SAM : Sequence alignment and modeling software system

/**************************************************************************\
 *  SAM:  Sequence Alignment and Modeling Software System                 *
 *                                                                        *
 *  Baskin Center for Computer Engineering and Information Sciences       *
 *  University of California, Santa Cruz                                  *
 *                                                                        *
 *  Copyright 1992-1995, The Regents of the University of California      *
 *                                                                        *
 *  Citations:  A. Krogh et al., JMB 235:1501-1531, Feb. 1994.            *
 *              R. Hughey, A. Krogh, UCSC TR UCSC-CRL-95-7, Jan 1994      *
 *                                                                        *
 *  Distributed for non-commercial use only.                              *
 *                                                                        *
 *  Questions or comments to sam-info@cse.ucsc.edu                        *
\**************************************************************************/


The Sequence Alignment and Modeling system (SAM) is a collection of
flexible software tools for creating, refining, and using linear
hidden Markov models for biological sequence analysis.  The model
states can be viewed as representing the sequence of columns in a
multiple sequence alignment, with provisions for arbitrary
position-dependent insertions and deletions in each sequence.  The
models are trained on a family of protein or nucleic acid sequences
using an expectation-maximization algorithm and a variety of
algorithmic heuristics.  A trained model can then be used to both
generate multiple alignments and search databases for new members of
the family.  SAM is written in the C programming language for Unix
machines and MasPar parallel computers, and includes extensive
documentation.

The algorithms and methods used by SAM have been described in several
pioneering papers from the University of California, Santa Cruz.
These papers (citations below), as well as the SAM software suite, are
available via anonymous ftp to ftp.cse.ucsc.edu in the pub/protein
directory, or via the World-Wide Web to
http://www.cse.ucsc.edu/research/compbio/sam.html.

The software is freely available for non-commercial research use,
however you will need an encryption key to decrypt the
pub/protein/sam1.0.tar.Z.crypt file available from the ftp server or
the WWW page.  Please send email to sam-info@cse.ucsc.edu to receive
the key or to make other arrangements if you do not have the crypt
utility.  The unencrypted documentation (UCSC Technical Report
UCSC-CRL-95-7) is in pub/protein/sam1.0_doc.ps.Z.

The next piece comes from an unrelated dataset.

(* Let $S$ be a dense subsemigroup of $((0,\infty),+)$, let $(X,\langle T_s\rangle_{s\in S})$ be a dynamical system and let $x,y\in X$. There is an idempotent $u\in K(O^{+}(S))$ such that $T_u(x)=y$ if and only if $y$ is uniformly recurrent near zero and $x$ and $y$ are proximal near zero.
   Context: ''Dense'' means dense in the usual topology of $(0,\infty)$. $\beta S$ is the Stone–Čech compactification of the discrete set $S$ (ultrafilters on $S$), with $+$ extended so that $(\beta S,+)$ is a compact right topological semigroup: $A\in p+q$ iff $\{x\in S:-x+A\in q\}\in p$, where $-x+A=\{y\in S:x+y\in A\}$. $O^{+}(S)=\{p\in\beta S: S\cap(0,\epsilon)\in p\text{ for every }\epsilon>0\}$, a compact right topological subsemigroup of $\beta S$; $K(O^{+}(S))$ denotes its smallest two-sided ideal. A dynamical system $(X,\langle T_s\rangle_{s\in S})$ consists of a compact Hausdorff space $X$ and continuous maps $T_s:X\to X$ with $T_s\circ T_t=T_{s+t}$. For $p\in\beta S$, $T_p(x)=p\text{-}\lim_{s\in S}T_s(x)$; $T_p\circ T_q=T_{p+q}$. A subset $B\subseteq S$ is syndetic near zero iff for every $\epsilon>0$ there exist a finite nonempty $F\subseteq (0,\epsilon)\cap S$ and $\delta>0$ with $S\cap(0,\delta)\subseteq\bigcup_{t\in F}(-t+B)$. A point $y$ is uniformly recurrent near zero iff for each neighbourhood $W$ of $y$, $\{s\in S:T_s(y)\in W\}$ is syndetic near zero. Points $x,y$ are proximal near zero iff for every neighbourhood $U$ of the diagonal in $X\times X$ and every $\epsilon>0$ there is $s\in S\cap(0,\epsilon)$ with $(T_s(x),T_s(y))\in U$. *)

From Stdlib Require Import Reals List.
Open Scope R_scope.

Although we plan to create an email or WWW server in the future, one
is currently not available.  If you wish to use SAM, you must grab the
code and compile it yourself, a process we have tried to make as
painless as possible.

Richard Hughey
Anders Krogh

sam-info@cse.ucsc.edu
http://www.cse.ucsc.edu/research/compbio/sam.html
-----------------------------------
Related papers:

A. Krogh, M. Brown, I. S. Mian, K. Sjolander, and D. Haussler.
 Hidden Markov models in computational biology: Applications to
 protein modeling.
 Journal of Molecular Biology, 235:1501--1531, February 1994.

R. Hughey and A. Krogh,
 SAM: Sequence alignment and modeling software system.
 Technical Report UCSC-CRL-95-7, University of California,
 Santa Cruz, CA, January 1995.

M. P. Brown, R. Hughey, A. Krogh, I. S. Mian, K. Sjolander, and D. Haussler.
 Using Dirichlet mixture priors to derive hidden Markov models
   for protein families.
 In L. Hunter, D. Searls, and J. Shavlik, editors,  Proc. of First
 Int. Conf. on Intelligent Systems for Molecular Biology, pages 47--55, Menlo
 Park, CA, July 1993. AAAI/MIT Press.

D. Haussler, A. Krogh, I. S. Mian, and K. Sjolander.
 Protein modeling using hidden Markov models: Analysis of globins.
 In  Proceedings of the Hawaii International Conference on System
  Sciences, volume 1, pages 792--802, Los Alamitos, CA, 1993. IEEE Computer
  Society Press.

R. Hughey.
 Massively parallel biosequence analysis.
 Technical Report UCSC-CRL-93-14, University of California, Santa
  Cruz, CA, April 1993.

A. Krogh, I. S. Mian, and D. Haussler.
 A hidden Markov model that finds genes in  E. coli DNA.
  Nucleic Acids Research, 1994.
 in press.

=============================================================================
Information sur la version 1.1 (28.10.95)

Date: Fri, 27 Oct 1995 18:00:39 -0700
From: Richard Hughey <rph@cse.ucsc.edu>
Subject: SAM Version 1.1 Available

We didn't send out much information on the last group of changes
(1.03), though some of you have picked up a copy.  The current round,
though, is something I'd encourage all of you to switch to.  It's
numbered version 1.1, and the major changes include....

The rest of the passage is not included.